*Aim of the task*
Work through the material beneath and count the lines that include "pose"; the answer is that number alone.
[[ Data extract open ]]
Module InnerProduct.
Import mathcomp.algebra_tactics.ring mathcomp.algebra_tactics.lra.
Import Order.TTheory GRing.Theory Num.Theory.
Local Open Scope ring_scope.

Definition ip {n} (u v : 'cV[R]_n) : R := (u^T *m v) 0 0.

Lemma ipE n (u v : 'cV[R]_n) : ip u v = \sum_i u i 0 * v i 0.
Proof. by rewrite /ip !mxE; apply: eq_bigr => i _; rewrite !mxE. Qed.

Lemma ipC n (u v : 'cV[R]_n) : ip u v = ip v u.
Proof. by rewrite !ipE; apply: eq_bigr => i _; rewrite mulrC. Qed.

Lemma ipDr n (u v w : 'cV[R]_n) : ip u (v + w) = ip u v + ip u w.
Proof. by rewrite /ip mulmxDr mxE. Qed.

Lemma ipDl n (u v w : 'cV[R]_n) : ip (v + w) u = ip v u + ip w u.
Proof. by rewrite ipC ipDr !(ipC u). Qed.

Lemma ipNr n (u v : 'cV[R]_n) : ip u (- v) = - ip u v.
Proof. by rewrite /ip mulmxN mxE. Qed.

Lemma ipBr n (u v w : 'cV[R]_n) : ip u (v - w) = ip u v - ip u w.
Proof. by rewrite ipDr ipNr. Qed.

Lemma ipBl n (u v w : 'cV[R]_n) : ip (v - w) u = ip v u - ip w u.
Proof. by rewrite ipC ipBr !(ipC u). Qed.

Lemma ipZr n a (u v : 'cV[R]_n) : ip u (a *: v) = a * ip u v.
Proof. by rewrite /ip -scalemxAr mxE. Qed.

Lemma ipZl n a (u v : 'cV[R]_n) : ip (a *: u) v = a * ip u v.
Proof. by rewrite ipC ipZr ipC. Qed.

Lemma ip0r n (u : 'cV[R]_n) : ip u 0 = 0.
Proof. by rewrite /ip mulmx0 mxE. Qed.

Lemma ip_trmx n k (M : 'M[R]_(n, k)) (u : 'cV[R]_n) (v : 'cV[R]_k) :
  ip u (M *m v) = ip (M^T *m u) v.
Proof. by rewrite /ip trmx_mul trmxK mulmxA. Qed.

Lemma ip_ge0 n (u : 'cV[R]_n) : 0 <= ip u u.
Proof. by rewrite ipE; apply: sumr_ge0 => i _; exact: sqr_ge0. Qed.

Lemma ip_eq0 n (u : 'cV[R]_n) : ip u u = 0 -> u = 0.
Proof.
rewrite ipE => /eqP; rewrite psumr_eq0; last by move=> i _; exact: sqr_ge0.
move=> /allP u0; apply/matrixP => i j; rewrite mxE (ord1 j).
by apply/eqP; rewrite -sqrf_eq0 expr2; exact: u0 (mem_index_enum i).
Qed.

Lemma ip_nonneg_eq0 n (u : 'cV[R]_n) : (forall v, 0 <= ip u v) -> u = 0.
Proof.
move=> u_ge0; apply: ip_eq0; apply/eqP; rewrite eq_le ip_ge0 andbT.
by rewrite -oppr_ge0 -ipNr.
Qed.

Lemma ip_CauchySchwarz n (u v : 'cV[R]_n) : ip u v ^+ 2 <= ip u u * ip v v.
Proof.
have quad t : 0 <= ip u u - 2 * t * ip u v + t ^+ 2 * ip v v.
  by have := ip_ge0 (u - t *: v); rewrite !ipBl !ipBr !ipZl !ipZr (ipC v u); lra.
have [vv0|vv_neq0] := eqVneq (ip v v) 0.
  rewrite vv0 mulr0; have [->|uv_neq0] := eqVneq (ip u v) 0; first by rewrite expr0n.
  have := quad ((ip u u + 1) / (2 * ip u v)); rewrite vv0 mulr0 addr0.
  have -> : 2 * ((ip u u + 1) / (2 * ip u v)) * ip u v = ip u u + 1 by field.
  lra.
have vv_gt0 : 0 < ip v v by rewrite lt_def vv_neq0 ip_ge0.
have := quad (ip u v / ip v v).
have -> : ip u u - 2 * (ip u v / ip v v) * ip u v + (ip u v / ip v v) ^+ 2 * ip v v
   = (ip u u * ip v v - ip u v ^+ 2) / ip v v by field.
move=> /mulr_ge0 /(_ (ltW vv_gt0)); rewrite divfK ?gt_eqF // subr_ge0.
exact.
Qed.

Lemma ip_sub_le n (u v : 'cV[R]_n) : ip (u - v) (u - v) <= 2 * ip u u + 2 * ip v v.
Proof.
have := ip_ge0 (u + v); rewrite ipBl !ipBr ipDl !ipDr (ipC v u).
by set x := ip u u; set y := ip u v; set z := ip v v; lra.
Qed.

(* N^T N = 0 forces N = 0 (the diagonal of N^T N holds squared column norms). *)
Lemma trmx_mul_self_eq0 n k (N : 'M[R]_(n, k)) : N^T *m N = 0 -> N = 0.
Proof.
move=> NN0; apply/matrixP => i j; rewrite mxE.
have /eqP := congr1 (fun M : 'M[R]_k => M j j) NN0; rewrite !mxE.
rewrite psumr_eq0; last by move=> l _; rewrite mxE; exact: sqr_ge0.
move=> /allP /(_ i (mem_index_enum i)); rewrite mxE -expr2 sqrf_eq0.
by move/eqP.
Qed.

End InnerProduct.
Import InnerProduct.

Module Projection.
Import Order.TTheory GRing.Theory Num.Theory.
Local Open Scope ring_scope.

Definition penrose {m} (M X : 'M[R]_m) := [/\ M *m X *m M = M, X *m M *m X = X,
  (M *m X)^T = M *m X & (X *m M)^T = X *m M].

Lemma penrose_uniq m (M X Y : 'M[R]_m) : penrose M X -> penrose M Y -> X = Y.
Proof.
move=> [P1 P2 P3 P4] [Q1 Q2 Q3 Q4].
have eX : X = X *m M *m Y.
  transitivity (X *m (M *m X)^T); first by rewrite P3 mulmxA P2.
  rewrite trmx_mul -{1}Q1 [(M *m Y *m M)^T]trmx_mul [(M *m Y)^T]trmx_mul.
  rewrite [X^T *m (M^T *m _)]mulmxA -[X^T *m M^T]trmx_mul -[Y^T *m M^T]trmx_mul P3 Q3.
  by rewrite !mulmxA P2.
have eY : Y = X *m M *m Y.
  transitivity ((Y *m M)^T *m Y); first by rewrite Q4 Q2.
  rewrite trmx_mul -{1}P1 [(M *m X *m M)^T]trmx_mul [(M *m X)^T]trmx_mul.
  rewrite mulmxA -[M^T *m X^T]trmx_mul -[(X *m M)^T *m M^T *m Y^T]mulmxA.
  by rewrite -[M^T *m Y^T]trmx_mul P4 Q4 -mulmxA Q2.
by rewrite eX -eY.
Qed.

(* The pseudoinverse of a symmetric matrix is symmetric, since X^T also
   satisfies the Penrose conditions. *)
Lemma penrose_sym m (M X : 'M[R]_m) : M^T = M -> penrose M X -> X^T = X.
Proof.
move=> sM PX; have [P1 P2 P3 P4] := PX.
apply/esym/(penrose_uniq PX); split.
- by apply: trmx_inj; rewrite !trmx_mul !trmxK sM mulmxA P1.
- by apply: trmx_inj; rewrite !trmx_mul !trmxK sM mulmxA P2.
- by rewrite trmx_mul trmxK sM -P4 trmx_mul sM.
- by rewrite trmx_mul trmxK sM -P3 trmx_mul sM.
Qed.

Section Projector.
Variables (d m : nat) (S : 'M[R]_(d, m)) (X : 'M[R]_m).
Hypothesis HX : penrose (S^T *m S) X.

Definition PSm := S *m X *m S^T.
Definition QSm := 1%:M - PSm.

Lemma pinv_sym : X^T = X.
Proof. by apply: penrose_sym HX; rewrite trmx_mul trmxK. Qed.

(* S X (S^T S) = S: the matrix S X (S^T S) - S = S (X S^T S - I) has zero Gram
   matrix by the first Penrose condition. *)
Lemma pinv_right_inverse : S *m X *m (S^T *m S) = S.
Proof.
have [P1 _ _ _] := HX; apply/subr0_eq.
have -> : S *m X *m (S^T *m S) - S = S *m (X *m (S^T *m S) - 1%:M).
  by rewrite mulmxBr mulmx1 !mulmxA.
apply: trmx_mul_self_eq0.
rewrite trmx_mul -mulmxA (mulmxA S^T) mulmxBr mulmx1.
by rewrite [S^T *m S *m (X *m _)]mulmxA P1 subrr mulmx0.
Qed.

Lemma PS_sym : PSm^T = PSm.
Proof. by rewrite /PSm !trmx_mul trmxK pinv_sym mulmxA. Qed.

Lemma PS_S : PSm *m S = S.
Proof. by rewrite /PSm -mulmxA pinv_right_inverse. Qed.

Lemma PS_idem : PSm *m PSm = PSm.
Proof. by rewrite {2}/PSm !mulmxA PS_S. Qed.

Lemma QS_sym : QSm^T = QSm.
Proof. by rewrite /QSm linearB /= trmx1 PS_sym. Qed.

Lemma QS_idem : QSm *m QSm = QSm.
Proof. by rewrite {1}/QSm mulmxBl mul1mx /QSm mulmxBr mulmx1 PS_idem subrr subr0. Qed.

(* For a symmetric idempotent M, u^T M v = (M u)^T (M v). *)
Lemma ip_PS (u v : 'cV_d) : ip u (PSm *m v) = ip (PSm *m u) (PSm *m v).
Proof. by rewrite ip_trmx PS_sym -{1}PS_idem -mulmxA ip_trmx PS_sym. Qed.

Lemma ip_QS (u v : 'cV_d) : ip u (QSm *m v) = ip (QSm *m u) (QSm *m v).
Proof. by rewrite ip_trmx QS_sym -{1}QS_idem -mulmxA ip_trmx QS_sym. Qed.

Lemma ip_split (u : 'cV_d) : ip u u = ip u (PSm *m u) + ip u (QSm *m u).
Proof. by rewrite -ipDr /QSm mulmxBl mul1mx addrC subrK. Qed.

Lemma QS_contraction (u : 'cV_d) : ip (QSm *m u) (QSm *m u) <= ip u u.
Proof. by rewrite [leRHS]ip_split -ip_QS ip_PS lerDr ip_ge0. Qed.

End Projector.
End Projection.
Import Projection.

Module OperatorNorm.
Import all_classical all_reals topology normedtype derive Rstruct_topology.
Import mathcomp.algebra_tactics.ring mathcomp.algebra_tactics.lra.
Import Order.TTheory GRing.Theory Num.Theory.
Import numFieldTopology.Exports numFieldNormedType.Exports.
Local Open Scope classical_set_scope.
Local Open Scope ring_scope.

Lemma continuous_sqnorm n d (A : 'M[R]_(n, d)) :
  continuous (fun y : 'rV[R]_d => ip (A *m y^T) (A *m y^T)).
Proof.
have entry i : continuous (fun y : 'rV[R]_d => (A *m y^T) i 0).
  have -> : (fun y : 'rV[R]_d => (A *m y^T) i 0) =
      fun y => \sum_(j <- index_enum 'I_d) A i j * y 0 j.
    by apply: funext => y; rewrite mxE; apply: eq_bigr => j _; rewrite mxE.
  apply: continuous_big => [|j _]; first exact: (@add_continuous R^o).
  by move=> y; apply: continuousM; [exact: cst_continuous|exact: coord_continuous].
have -> : (fun y : 'rV[R]_d => ip (A *m y^T) (A *m y^T)) =
    fun y => \sum_(i <- index_enum 'I_n) (A *m y^T) i 0 * (A *m y^T) i 0.
  by apply: funext => y; rewrite ipE.
apply: continuous_big => [|i _]; first exact: (@add_continuous R^o).
by move=> y; apply: continuousM; exact: entry.
Qed.

(* Each coordinate is bounded by the Euclidean norm; the unit sphere thus lies
   in the cube [-1, 1]^d. *)
Lemma coord_sq_le d (y : 'rV[R]_d) i : y 0 i ^+ 2 <= ip y^T y^T.
Proof.
rewrite ipE (bigD1 i) //= !mxE -expr2 lerDl.
by apply: sumr_ge0 => j _; rewrite !mxE -expr2; exact: sqr_ge0.
Qed.

(* By compactness of the unit sphere, |A v| attains its maximum there. *)
Lemma sphere_maximiser n d (A : 'M[R]_(n, d.+1)) :
  exists2 c : 'cV[R]_d.+1, ip c c = 1 &
    forall v, ip v v = 1 -> ip (A *m v) (A *m v) <= ip (A *m c) (A *m c).
Proof.
pose K := [set y : 'rV[R]_d.+1 | ip y^T y^T = 1].
have K0 : K !=set0.
  exists (delta_mx 0 ord0); rewrite /K /= /ip trmxK trmx_delta mul_delta_mx mxE.
  by rewrite !eqxx.
have Kclosed : closed K.
  have -> : K = (fun y => ip (1%:M *m y^T) (1%:M *m y^T)) @^-1` [set x | x = 1].
    by apply/seteqP; split => y; rewrite /K /= mul1mx.
  apply: preimage_closed; last exact: closed_eq.
  by move=> y _; exact: continuous_sqnorm.
have Kcompact : compact K.
  have cube := rV_compact (fun _ : 'I_d.+1 => @segment_compact R (-1) 1).
  apply: (subclosed_compact Kclosed cube) => y /= Ky i; rewrite /= in_itv /=.
  have := coord_sq_le y i; rewrite Ky => y2_le1.
  by rewrite -ler_norml -(@expr_le1 _ 2) // -normrX ger0_norm // sqr_ge0.
have cont : {within K, continuous (fun y => ip (A *m y^T) (A *m y^T))}.
  by apply: continuous_subspaceT => y; exact: continuous_sqnorm.
have [c cK cmax] := EVT_max_rV K0 Kcompact cont.
exists c^T; first by move: cK; rewrite inE.
by move=> v v1; rewrite -[v]trmxK; apply: cmax; rewrite inE /K /= trmxK.
Qed.

(* A maximiser c of |A v| on the unit sphere gives the Rayleigh bound and is
   an eigenvector of A^T A for the maximal value mu. *)
Section Rayleigh.
Variables (n d : nat) (A : 'M[R]_(n, d)) (c : 'cV[R]_d).
Let mu := ip (A *m c) (A *m c).
Hypothesis c_unit : ip c c = 1.
Hypothesis c_max : forall v, ip v v = 1 -> ip (A *m v) (A *m v) <= mu.

Lemma rayleigh_bound v : ip (A *m v) (A *m v) <= mu * ip v v.
Proof.
have [vv0|vv_neq0] := eqVneq (ip v v) 0.
  by rewrite (ip_eq0 vv0) mulmx0 !ip0r mulr0.
have vv_gt0 : 0 < ip v v by rewrite lt_def vv_neq0 ip_ge0.
pose s := Num.sqrt (ip v v).
have s_neq0 : s != 0 by rewrite gt_eqF // sqrtr_gt0.
have s2 : s ^+ 2 = ip v v by rewrite sqr_sqrtr // ltW.
have := c_max (v := s^-1 *: v).
rewrite -scalemxAr !ipZl !ipZr -s2 => /(_ ltac:(by field)) bound.
have -> : ip (A *m v) (A *m v) = (s^-1 * (s^-1 * ip (A *m v) (A *m v))) * s ^+ 2.
  by field.
by rewrite ler_wpM2r // sqr_ge0.
Qed.

(* With u = A^T A c - mu c (orthogonal to c), the bound
   |A (c + t u)|^2 <= mu |c + t u|^2 reads 2 t |u|^2 + t^2 |A u|^2 <= mu t^2 |u|^2,
   which forces u = 0 for 0 < t < 1 / mu. *)
Lemma rayleigh_eigen : A^T *m (A *m c) = mu *: c.
Proof.
apply/eqP; rewrite -subr_eq0; apply/eqP.
set u := A^T *m (A *m c) - mu *: c.
have cu0 : ip c u = 0 by rewrite ipBr ipZr c_unit mulr1 ipC -ip_trmx subrr.
have Acu : ip (A *m c) (A *m u) = ip u u.
  rewrite ip_trmx -[A^T *m _](subrK (mu *: c)) -/u ipDl ipZl cu0.
  by rewrite mulr0 addr0.
clearbody u; have mu_ge0 : 0 <= mu by exact: ip_ge0.
pose t := (mu + 1)^-1.
have t_gt0 : 0 < t by rewrite invr_gt0; lra.
have mut : mu * t < 1 by rewrite ltr_pdivrMr; lra.
apply: ip_eq0; have := rayleigh_bound (c + t *: u).
rewrite mulmxDr -scalemxAr !ipDl !ipDr !ipZl !ipZr Acu (ipC (A *m u)) Acu.
rewrite (ipC u c) cu0 c_unit -/mu !mulr0 !addr0.
have := ip_ge0 (A *m u); have := ip_ge0 u.
move: (ip (A *m u) (A *m u)) (ip u u) => q p p_ge0 q_ge0 ineq.
have tq_ge0 : 0 <= t * (t * q) by rewrite !mulr_ge0 // ltW.
have : t * (p * (2 - mu * t)) <= 0.
  have -> : t * (p * (2 - mu * t)) =
    (mu + t * p + (t * p + t * (t * q))) - mu * (1 + t * (t * p)) - t * (t * q).
    by ring.
  lra.
rewrite pmulr_rle0 // pmulr_lle0; last by lra.
by move=> p_le0; apply/eqP; rewrite eq_le p_le0 p_ge0.
Qed.

End Rayleigh.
[[ Data extract closed ]]
*Reply to the task*
3